# First attempts at wood stabilizing and casting



## Pensmyth (Sep 21, 2020)

I just joined this group and thought I would share some photo's my first experiences with dye stabilizing and some resin casting. I started off using box elder burl and stabilized using Cactus Juice and Alumilite & CJ dyes. I've had some very good results stabilizing. Last week I finally cast some dyed buckeye burl into a block with Alumilite resin and cut it into some pen blanks.
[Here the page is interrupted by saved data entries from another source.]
Lemma indT (P : Prop) : P -> ind P = 1 :> R.
Proof. by rewrite /ind; case: pselect. Qed.

Lemma indF (P : Prop) : ~ P -> ind P = 0 :> R.
Proof. by rewrite /ind; case: pselect. Qed.

Lemma sum_ind_fibers {T : Type} {k} (f : T -> 'I_k) (g : 'I_k -> R) x :
  g (f x) = \sum_(i < k) g i * ind (f x = i).
Proof.
rewrite (bigD1 (f x)) //= indT // mulr1 big1 ?addr0 // => i /eqP ne_i.
by rewrite indF ?mulr0 // => /esym.
Qed.

End Indicator.

Section Mean.
Context {R : realType} {G : grp} {m : (G -> R) -> R}.
Hypothesis m_mean : lmean m.

Lemma bounded_ind (P : G -> Prop) : Defs.bounded_fun (fun x => ind (P x) : R).
Proof. by exists 1 => x; rewrite /ind; case: pselect => ?; rewrite ?normr1 ?normr0. Qed.

Lemma bounded_cst (c : R) : Defs.bounded_fun (fun _ : G => c).
Proof. by exists `|c|. Qed.

Lemma bounded_scale (a : R) (f : G -> R) : Defs.bounded_fun f ->
  Defs.bounded_fun (fun x => a * f x).
Proof. by move=> [M fM]; exists (`|a| * M) => x; rewrite normrM ler_wpM2l. Qed.

Lemma bounded_sum (I : Type) (s : seq I) (F : I -> G -> R) :
  (forall i, Defs.bounded_fun (F i)) -> Defs.bounded_fun (fun x => \sum_(i <- s) F i x).
Proof.
move=> F_bd; exists (\sum_(i <- s) projT1 (cid (F_bd i))) => x.
rewrite (le_trans (ler_norm_sum _ _ _)) // ler_sum // => i _.
by case: cid.
Qed.

Lemma meanD (f g : G -> R) : Defs.bounded_fun f -> Defs.bounded_fun g ->
  m (fun x => f x + g x) = m f + m g.
Proof.
case: m_mean => lin _ _ _ f_bd g_bd.
by have := lin f g 1 1 f_bd g_bd; rewrite !mul1r; under eq_fun do rewrite !mul1r.
Qed.

Lemma meanZ (a : R) (f : G -> R) : Defs.bounded_fun f ->
  m (fun x => a * f x) = a * m f.
Proof.
case: m_mean => lin _ _ _ f_bd.
have := lin f f a 0 f_bd f_bd; rewrite mul0r addr0.
by under eq_fun do rewrite mul0r addr0.
Qed.

Lemma mean0 : m (fun _ => 0) = 0.
Proof. by have := meanZ 0 _ (bounded_cst 1); rewrite !mul0r. Qed.

Lemma mean_sum (I : Type) (s : seq I) (F : I -> G -> R) :
  (forall i, Defs.bounded_fun (F i)) ->
  m (fun x => \sum_(i <- s) F i x) = \sum_(i <- s) m (F i).
Proof.
move=> F_bd; elim: s => [|i s IHs].
  by under eq_fun do rewrite big_nil; rewrite big_nil mean0.
under eq_fun do rewrite big_cons.
by rewrite meanD ?IHs ?big_cons //; apply: bounded_sum.
Qed.

Lemma mean_ind_fiber {H : set G} {k} {f : G -> 'I_k} : coset_map H f ->
  forall i, m (fun y => ind (f y = i)) = m (fun y => ind (H y)).
Proof.
move=> [f_surj f_eq] i; have [x <-] := f_surj i; case: m_mean => _ _ _ invariant.
rewrite -[RHS](invariant _ (ginv x)); last exact: bounded_ind.
by congr m; apply/funext => y; congr ind; apply/propext; rewrite -f_eq; split=> ->.
Qed.

Lemma mean_comp_fibers {k} (f : G -> 'I_k) (g : 'I_k -> R) :
  m (fun x => g (f x)) = \sum_(i < k) g i * m (fun y => ind (f y = i)).
Proof.
under eq_fun do rewrite (sum_ind_fibers f g).
rewrite mean_sum; last by move=> i; apply/bounded_scale/bounded_ind.
by apply: eq_bigr => i _; rewrite meanZ //; apply: bounded_ind.
Qed.

Lemma mean_ind_index {H : set G} {k} : has_index H k -> m (fun y => ind (H y)) = k%:R^-1.
Proof.
move=> [f f_coset].
have k_gt0 : (0 < k)%N by case: (f gone) => j /(leq_ltn_trans _); apply.
have := mean_comp_fibers f (fun _ => 1); case: m_mean => _ _ -> _.
under eq_bigr do rewrite mul1r (mean_ind_fiber f_coset).
rewrite sumr_const card_ord => one_eq.
have k_neq0 : k%:R != 0 :> R by rewrite pnatr_eq0 -lt0n.
by apply: (mulIf k_neq0); rewrite mulVf // mulr_natr -one_eq.
Qed.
Reactions: Like 2 | EyeCandy! 3 | Way Cool 2 | Creative 1


----------



## Wildthings (Sep 21, 2020)

Very cool


----------



## trc65 (Sep 22, 2020)

Great looking stuff!


----------



## Mike Hill (Sep 22, 2020)

Sweeeetttt!


----------



## T. Ben (Sep 22, 2020)

Very nice.


----------



## Ray D (Sep 22, 2020)

Look great


----------



## Tony (Sep 22, 2020)

Really nice casts!


----------



## Don Van Dyne (Sep 25, 2020)

Nice pen blanks! Buckeye is my favorite wood to stabilize it takes colors beautifully!

Reactions: Useful 1


----------



## Gdurfey (Sep 25, 2020)

great job; lot more adventurous than my first attempts!!!!


----------



## Nature Man (Sep 25, 2020)

For first attempt, you hit the ball out of the park!!! Congrats! Gorgeous blanks! Chuck


----------